### TASK DESCRIPTION
Your response should consist solely of the lines from the one containing "From mathcomp Require" through the final line of the entries, repeated exactly.

### MATERIAL PROVIDED
==========
(* In the setting of the context, there exist elements $w_{ki}\in\overline{M'}$ ($1\le k\le r$, $2\le i\le n_k$) such that (1) $\langle w_{ki},\tilde e_{k1}\rangle=-1$ and $\langle w_{ki},\tilde e_{ki}\rangle=1$; (2) $\langle w_{ki},\tilde e_{lj}\rangle=0$ for all $\tilde e_{lj}\ne\tilde e_{k1},\tilde e_{ki}$; (3) $\langle w_{ki},e_{lj}\rangle=0$ for all $e_{lj}$. Moreover, for any elements $w_{ki}$ satisfying (1)–(3), $$\operatorname{Ann}(e)'=\operatorname{Ann}(e,\tilde e)\oplus\bigoplus_{k=1}^r\bigoplus_{i=2}^{n_k}\mathbb{Z}w_{ki}.$$
   Context: $M\cong\mathbb{Z}^d$, $N$ dual. $\{\Delta_1,\dots,\Delta_s\}$ is a nef-partition (lattice polytopes in $M_\mathbb{R}$ containing $0$ with reflexive Minkowski sum) of the $d$-dimensional reflexive polytope $\operatorname{Conv}(\cup\Delta_i)$, with dual nef-partition $\nabla_j=\{y:\langle x,y\rangle\ge-\delta_{ij}\ \forall x\in\Delta_i,\forall i\}$. $\overline M=\mathbb{Z}^s\oplus M$, $\overline N=\mathbb{Z}^s\oplus N$ with natural pairing; $K=\{(a;x):a_i\ge0,x\in\sum a_i\Delta_i\}$, $K^\vee$ its dual cone; $e_i=(\epsilon_i;0)$ ($\epsilon_i$ standard basis vectors of $\mathbb{Z}^s$), $\deg^\vee=\sum e_i$. Let $\tilde e_i=(\epsilon_i;p_i)\in K^\vee\cap\overline N$ with $p_i\in N\cap\nabla_i$ and $\sum_i\tilde e_i=\deg^\vee$ (so $\sum p_i=0$). Let $r=s-\dim\operatorname{Span}_\mathbb{R}\{p_i\}$ and let $\{1,\dots,s\}=I_1\sqcup\dots\sqcup I_r$ with $I_k$ nonempty, $\sum_{i\in I_k}p_i=0$. Write $n_k=\#I_k$, $I_k=\{k1,\dots,kn_k\}$ and index $e_{ki},\tilde e_{ki},p_{ki}$ accordingly; $\{p_{ki}:2\le i\le n_k,1\le k\le r\}$ is $\mathbb{R}$-linearly independent. Choose $\xi_1,\dots,\xi_{d+r-s}\in N$ whose images form a basis of the free part of $N/\sum_{k,i}\mathbb{Z}p_{ki}$, set $N'=\operatorname{Span}_\mathbb{Z}(\{p_{ki}:i\ge2\}\cup\{\xi_j\})$, $M'=\operatorname{Hom}(N',\mathbb{Z})\supset M$, $\overline{M'}=\mathbb{Z}^s\oplus M'$ (dual to $\mathbb{Z}^s\oplus N'$, which contains all $e_i,\tilde e_i$). $\operatorname{Ann}(e)'=\{m\in\overline{M'}:\langle m,e_i\rangle=0\ \forall i\}$ and $\operatorname{Ann}(e,\tilde e)=\{m\in\overline{M'}:\langle m,e_i\rangle=\langle m,\tilde e_j\rangle=0\ \forall i,j\}$ (which equals the corresponding sublattice of $\overline M$). *)

From HB Require Import structures.
From mathcomp Require Import all_boot all_order all_algebra reals.
Set Implicit Arguments.
Unset Strict Implicit.
Unset Printing Implicit Defensive.
Import Order.TTheory GRing.Theory Num.Theory.
Local Open Scope ring_scope.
==========
### YOUR RESPONSE
From mathcomp Require Import all_boot all_order all_algebra reals.
Set Implicit Arguments.
Unset Strict Implicit.
Unset Printing Implicit Defensive.
Import Order.TTheory GRing.Theory Num.Theory.
Local Open Scope ring_scope.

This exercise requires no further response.